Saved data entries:

Theorem proposition7 (R : realFieldType) (n : nat) (hn : (3 <= n)%N)
  (M : {set 'I_n}) (y : 'I_n -> R) (zd eta : 'I_n -> R) (eps : R)
  (heps : 0 < eps)
  (hy : forall i, i \in M -> y i = zd i + eta i)
  (heta : forall i, i \in M -> `|eta i| <= eps)
  (z : 'cV[R]_n) (hz : feasible M y eps z) :
  let Aup := [set i in M | y i - z i 0 == eps] in
  let Adown := [set i in M | y i - z i 0 == - eps] in
  let Act := [set i in M | `|y i - z i 0| == eps] in
  is_minimizer M y eps z <->
  exists u : 'cV[R]_(n - 2),
    (forall j, (j \notin M) || (j \in M :\: Act) ->
       ((D2 R n)^T *m u) j 0 = 0) /\
    (forall k, (D2 R n *m z) k 0 != 0 -> u k 0 = Num.sg ((D2 R n *m z) k 0)) /\
    (forall k, `|u k 0| <= 1) /\
    (forall j, j \in Aup -> 0 <= ((D2 R n)^T *m u) j 0) /\
    (forall j, j \in Adown -> ((D2 R n)^T *m u) j 0 <= 0).
Proof.
move=> Aup Adown Act.
have upE j : (j \in Aup) = up_active M y eps z j by rewrite inE.
have downE j : (j \in Adown) = down_active M y eps z j by rewrite inE.
have up_down j : up_active M y eps z j -> ~~ down_active M y eps z j.
  by move=> /andP [_ /eqP e]; rewrite negb_and; apply/orP; right; apply/eqP; lra.
have inactiveE j : (j \notin M) || (j \in M :\: Act) =
    ~~ up_active M y eps z j && ~~ down_active M y eps z j.
  rewrite !inE /up_active /down_active eqr_norml (ltW heps) andbT.
  by case: (j \in M); rewrite /= ?andbT ?negb_or.
have minE : is_minimizer M y eps z <->
    forall z', feasible M y eps z' -> l1D (D2 R n) z <= l1D (D2 R n) z'.
  by split=> [[]|].
split=> [/minE/(l1D_minimizer_iff _ hz) [u [sgu normu nup ndown]]|].
  exists u; split; [|split; [by []|split; [by []|split]]] => j.
  - by rewrite inactiveE => /andP [uj dj]; apply: le_anti; rewrite nup ?ndown.
  - by rewrite upE => uj; apply: ndown (up_down _ uj).
  - by rewrite downE => dj; apply: nup; apply: contraL dj; apply: up_down.
move=> [u [zero [sgu [normu [up down]]]]]; apply/minE/(l1D_minimizer_iff _ hz).
exists u; split=> // j nj.
- have [dj|dj] := boolP (down_active M y eps z j); first by apply: down; rewrite downE.
  by rewrite zero ?lexx // inactiveE nj dj.
- have [uj|uj] := boolP (up_active M y eps z j); first by apply: up; rewrite upE.
  by rewrite zero ?lexx // inactiveE nj uj.
Qed.
Lemma divisor_hom_summand (I : eqType) (phi : H -> I -> nat) a b :
  divisor_hom phi -> (forall i, phi a i <= phi b i) -> msummand a b.
Proof.
move=> [[fs _ _] dvd] le; apply: dvd; exists (fun i => phi b i - phi a i).
split; last by move=> i; rewrite subnKC.
by have [s sb] := fs b; exists s => i /sb ->.
Qed.

Lemma free_hom_divisor_hom (I : eqType) (phi : H -> I -> nat) :
  free_hom phi -> (forall a b, (forall i, phi a i <= phi b i) -> msummand a b) ->
  divisor_hom phi.
Proof.
by move=> hom dvd; split=> // a b [d [_ e]]; apply: dvd => i; rewrite e leq_addr.
Qed.

Lemma divisor_theory_pointwise_min (I : finType) (psi : H -> I -> nat) :
  divisor_theory psi -> forall y : I -> nat, exists L, pointwise_min psi L y.
Proof.
move=> [[[_ psi0 psiD] _] prime].
have delta i : exists L, pointwise_min psi L (fun j => i == j : nat).
  have [a0 [s e]] := prime i; exists (a0 :: s).
  exact: eq_pointwise_min e (min_images_pointwise_min psi a0 s).
suff: forall n y, \sum_i y i = n -> exists L, pointwise_min psi L y.
  by move=> P y; apply: P.
elim=> [|n IHn] y sum_y.
  have y0 i : y i = 0 by move/eqP: sum_y; rewrite sum_nat_eq0 => /forallP /(_ i) /eqP.
  exists [:: 0%R] => i; rewrite y0; split; last by exists 0%R; rewrite ?inE ?psi0.
  by move=> c /[!inE] /eqP ->; rewrite psi0.
have [i yi] : exists i, 0 < y i.
  apply/existsP; apply: contraT; rewrite negb_exists => /forallP y0.
  suff: \sum_i y i == 0 by rewrite sum_y.
  by rewrite sum_nat_eq0; apply/forallP => i; have := y0 i; rewrite lt0n negbK.
pose y' j := y j - (i == j).
have [|L hL] := IHn y'.
  move: sum_y; rewrite (bigD1 i) //= => sum_y; rewrite (bigD1 i) //= /y' eqxx.
  rewrite (eq_bigr y) => [|j /negbTE]; last by rewrite eq_sym => ->; rewrite subn0.
  lia.
have [M hM] := delta i; exists [seq (a + b)%R | a <- L, b <- M].
apply: eq_pointwise_min (pointwise_min_add psiD hL hM) => j.
by rewrite /y'; case: eqP => [<-|_]; lia.
Qed.

(* An intrinsic form of "the pointwise minimum of phi over L is below that over
   L'", valid for every divisor theory phi. *)
Definition gcd_dvd (L L' : seq H) : Prop :=
  forall a (T : seq H), (forall s t, s \in L -> t \in T -> msummand a (s + t)%R) ->
  forall s' t, s' \in L' -> t \in T -> msummand a (s' + t)%R.

Lemma divisor_hom_gcd_dvd (I : eqType) (phi : H -> I -> nat) L L' x x' :
  divisor_hom phi -> pointwise_min phi L x -> pointwise_min phi L' x' ->
  (forall i, x i <= x' i) -> gcd_dvd L L'.
Proof.
move=> dphi hx hx' le_xx' a T dvd s' t s'L' tT.
have [[_ _ phiD] _] := dphi; apply: (divisor_hom_summand dphi) => i.
have [_ [s sL xi]] := hx i; have [lbx' _] := hx' i.
have := free_hom_summand_le dphi.1 (dvd s t sL tT) i.
rewrite !phiD xi; have := le_xx' i; have := lbx' s' s'L'; lia.
Qed.

Lemma divisor_theory_gcd_dvd (I : finType) (psi : H -> I -> nat) L L' y y' :
  divisor_theory psi -> pointwise_min psi L y -> pointwise_min psi L' y' ->
  gcd_dvd L L' -> forall i, y i <= y' i.
Proof.
move=> dpsi hy hy' dvd i; have [[_ _ psiD] _] := dpsi.1.
have [_ [a aL _]] := hy i.
have [T hT] := divisor_theory_pointwise_min dpsi (fun j => psi a j - y j).
have a_dvd s t : s \in L -> t \in T -> msummand a (s + t)%R.
  move=> sL tT; apply: (divisor_hom_summand dpsi.1) => j; rewrite psiD.
  have [lby _] := hy j; have [lbT _] := hT j.
  have := lby _ aL; have := lby _ sL; have := lbT _ tT; lia.
have [_ [s' s'L' <-]] := hy' i; have [_ [t tT ti]] := hT i.
have := free_hom_summand_le dpsi.1.1 (dvd a T a_dvd s' t s'L' tT) i.
have [lby _] := hy i; have := lby _ aL; rewrite psiD ti; lia.
Qed.

End PointwiseMin.

Section MinImagesTransfer.
Variables (H : nmodType) (I J : finType).
Variables (phi : H -> J -> nat) (psi : H -> I -> nat).
Hypotheses (dphi : divisor_hom phi) (dpsi : divisor_theory psi).

Lemma min_images_le_transfer a0 s b0 t :
  (forall j, min_images phi a0 s j <= min_images phi b0 t j) ->
  forall i, min_images psi a0 s i <= min_images psi b0 t i.
Proof.
have minP := min_images_pointwise_min.
move=> le; apply: (divisor_theory_gcd_dvd dpsi (minP _ _ _ _ _) (minP _ _ _ _ _)).
exact: divisor_hom_gcd_dvd dphi (minP _ _ _ _ _) (minP _ _ _ _ _) le.
Qed.

Lemma min_images_eq0_transfer a0 s :
  (forall j, min_images phi a0 s j = 0) -> forall i, min_images psi a0 s i = 0.
Proof.
have [[_ phi0 _] _] := dphi; have [[[_ psi0 _] _] _] := dpsi.
move=> eq0 i; apply/eqP; rewrite -leqn0 -(psi0 i).
by apply: (min_images_le_transfer (b0 := 0%R) (t := [::])) => j; rewrite eq0.
Qed.

End MinImagesTransfer.

Section DivisorTheoryCard.
Variables (H : nmodType) (I J : finType).
Variables (phi : H -> J -> nat) (psi : H -> I -> nat).
Hypotheses (dphi : divisor_theory phi) (dpsi : divisor_theory psi).

Lemma min_images_delta_transfer a0 s b0 t i j :
  (forall k, min_images psi a0 s k = (i == k)) ->
  (forall k, min_images phi b0 t k = (j == k)) ->
  0 < min_images phi a0 s j ->
  forall k, min_images psi b0 t k = (i == k).
Proof.
move=> psi_a phi_b phi_a_j.
have le_delta k : min_images psi b0 t k <= (i == k).
  rewrite -psi_a; apply: (min_images_le_transfer dphi.1 dpsi) => j'.
  by rewrite phi_b; case: eqP => [<-|].
have [k psi_b_k] : exists k, 0 < min_images psi b0 t k.
  apply/existsP; apply: contraT; rewrite negb_exists => /forallP psi_b0.
  suff: min_images phi b0 t j = 0 by rewrite phi_b eqxx.
  apply: (min_images_eq0_transfer dpsi.1 dphi) => k.
  by apply/eqP; rewrite -leqn0 leqNgt psi_b0.
have ik : i = k by apply/eqP; have := le_delta k; case: (i == k) => //=; lia.
move=> k'; have := le_delta k'; rewrite -ik in psi_b_k.
by case: eqP => [<-|] /=; lia.
Qed.

(* Send i to a coordinate j where the phi-minimum of the generators of e_i is
   positive; by min_images_delta_transfer, e_j then pulls back to e_i. *)
Lemma divisor_theory_card_le : #|I| <= #|J|.
Proof.
have /fin_all_exists [P psiP] : forall i, exists p : H * seq H,
    forall k, min_images psi p.1 p.2 k = (i == k).
  by move=> i; have [a0 [s e]] := dpsi.2 i; exists (a0, s).
have /fin_all_exists [Q phiQ] : forall j, exists p : H * seq H,
    forall k, min_images phi p.1 p.2 k = (j == k).
  by move=> j; have [a0 [s e]] := dphi.2 j; exists (a0, s).
have /fin_all_exists [f fP] : forall i, exists j, 0 < min_images phi (P i).1 (P i).2 j.
  move=> i; apply/existsP; apply: contraT.
  rewrite negb_exists => /forallP phiP0.
  suff: min_images psi (P i).1 (P i).2 i = 0 by rewrite psiP eqxx.
  apply: (min_images_eq0_transfer dphi.1 dpsi) => j.
  by apply/eqP; rewrite -leqn0 leqNgt phiP0.
apply: (@leq_card _ _ f) => i i' fii'.
have := min_images_delta_transfer (psiP i) (phiQ (f i)) (fP i) i.
rewrite fii' (min_images_delta_transfer (psiP i') (phiQ (f i')) (fP i')) eqxx.
by case: eqP.
Qed.

End DivisorTheoryCard.

Lemma divisor_theory_card (H : nmodType) (I J : finType)
    (psi : H -> I -> nat) (phi : H -> J -> nat) :
  divisor_theory psi -> divisor_theory phi -> #|I| = #|J|.
Proof.
move=> dpsi dphi; apply/eqP.
by rewrite eqn_leq (divisor_theory_card_le dphi dpsi) (divisor_theory_card_le dpsi dphi).
Qed.

Lemma divisor_theory_ord (H : nmodType) (I : finType) (psi : H -> I -> nat) :
  divisor_theory psi -> exists phi : H -> 'I_#|I| -> nat, divisor_theory phi.
Proof.
move=> dpsi; have [[_ psi0 psiD] _] := dpsi.1.
exists (fun a k => psi a (enum_val k)); split.
  apply: free_hom_divisor_hom => [|a b le].
    by split=> [a|k|a b k]; [exists (enum 'I_#|I|) => k; rewrite mem_enum | |].
  by apply: (divisor_hom_summand dpsi.1) => i; rewrite -(enum_rankK i).
move=> k; have [a0 [s e]] := dpsi.2 (enum_val k); exists a0, s => j.
by rewrite -(inj_eq enum_val_inj); apply: e.
Qed.

Lemma sum_ord_ltn N m : m <= N -> \sum_(k < N) (k < m) = m.
Proof.
move=> le_mN; rewrite -[in RHS](card_ord m) -sum1_card.
rewrite (big_ord_widen N (fun _ => 1)) //.
by rewrite [RHS]big_mkcond; apply: eq_bigr => k _; case: (k < m).
Qed.

Section Agglomerations.
Variables (V E : finType) (r : E -> {set V}).
Local Notation A := (agglomeration r).

Lemma agg_edge_le (a : A) e v : v \in r e -> a (inr e) <= a (inl v).
Proof. by move=> ve; have /forallP/(_ e)/forallP/(_ v)/implyP := valP a; apply. Qed.

Lemma eq_agg (a b : A) : (forall p, a p = b p) -> a = b.
Proof. by move=> eq_ab; apply/val_inj/ffunP. Qed.

Lemma agg_addE (a b : A) p : (a + b)%R p = a p + b p.
Proof. by rewrite agg_valD ffunE. Qed.

Lemma agg0E p : (0 : A)%R p = 0.
Proof. by rewrite agg_val0 ffunE. Qed.

Lemma agg_sumE n (F : 'I_n -> A) p : (\sum_k F k)%R p = \sum_k F k p.
Proof. exact: (big_morph (fun a : A => a p) (fun a b => agg_addE a b p) (agg0E p)). Qed.

Section AggOf.
Variable f : V + E -> nat.
Hypothesis f_edge_le : forall e v, v \in r e -> f (inr e) <= f (inl v).

Fact agg_of_subproof : is_agglomeration r [ffun p => f p].
Proof.
by apply/forallP => e; apply/forallP => v; apply/implyP => ve; rewrite !ffunE f_edge_le.
Qed.

Definition agg_of : A := Agg agg_of_subproof.

Lemma agg_ofE p : agg_of p = f p.
Proof. exact: ffunE. Qed.

End AggOf.

Lemma agg_cancel : mcancellative A.
Proof.
move=> a b c eq_abc; apply: eq_agg => p; apply: (@addnI (a p)).
by rewrite -!agg_addE eq_abc.
Qed.

Lemma agg_reduced : mreduced A.
Proof.
move=> a b ab0; apply: eq_agg => p.
by have := congr1 (fun x : A => x p) ab0; rewrite agg_addE !agg0E; lia.
Qed.

Fact agg_level_subproof k (x : A) e v :
  v \in r e -> (k < x (inr e) : nat) <= (k < x (inl v) : nat).
Proof.
move=> /(agg_edge_le x) le_ev; have [lt_k|//] := ltnP k (x (inr e)).
by rewrite (leq_trans lt_k le_ev).
Qed.

Definition agg_level (k : nat) (x : A) : A :=
  @agg_of (fun p => k < x p) (@agg_level_subproof k x).

Lemma agg_level_sum (x : A) : x = (\sum_(k < \max_p x p) agg_level k x)%R.
Proof.
apply: eq_agg => p; rewrite agg_sumE (eq_bigr (fun k : 'I_ _ => k < x p : nat)).
  by rewrite sum_ord_ltn // (leq_bigmax p).
by move=> k _; rewrite agg_ofE.
Qed.

Definition agg_indicators : seq A :=
  pmap insub [seq [ffun p => nat_of_bool (b p)]
             | b : {ffun V + E -> bool} <- enum {ffun V + E -> bool}].

Lemma agg_level_indicator k x : agg_level k x \in agg_indicators.
Proof.
rewrite mem_pmap; apply/mapP; exists (val (agg_level k x)); last by rewrite valK.
apply/mapP; exists [ffun p => k < x p]; first by rewrite mem_enum.
by apply/ffunP => p; rewrite !ffunE.
Qed.

Lemma agg_finitely_generated : mfinitely_generated A.
Proof.
apply: (@finitely_generated_by _ agg_indicators) => x; rewrite (agg_level_sum x).
by apply: span_sum => k; apply: agg_level_indicator.
Qed.

Local Notation incidence := {p : E * V | p.2 \in r p.1}.
Local Notation isolated_vertex := {v : V | isolated r v}.
Local Notation prime_index := ((E + incidence) + isolated_vertex)%type.

Definition agg_divisor (a : A) (j : prime_index) : nat :=
  match j with
  | inl (inl e) => a (inr e)
  | inl (inr p) => a (inl (val p).2) - a (inr (val p).1)
  | inr v => a (inl (val v))
  end.

Lemma agg_divisor_free_hom : free_hom agg_divisor.
Proof.
split=> [a | [[e|[[e v] ve]]|[v iso_v]] | a b [[e|[[e v] ve]]|[v iso_v]]] /=;
  rewrite ?agg0E ?agg_addE //.
- by exists (enum {: prime_index}) => j; rewrite mem_enum.
- by have /= := agg_edge_le a ve; have /= := agg_edge_le b ve; lia.
Qed.

Lemma non_isolated_incident v : ~~ isolated r v -> exists e, v \in r e.
Proof. by rewrite negb_forall => /existsP [e]; rewrite negbK; exists e. Qed.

### [ASSIGNED TASK]
The answer must be every line of the entries that includes the word "boolP".

### [TASK SOLUTION]
- have [dj|dj] := boolP (down_active M y eps z j); first by apply: down; rewrite downE.
- have [uj|uj] := boolP (up_active M y eps z j); first by apply: up; rewrite upE.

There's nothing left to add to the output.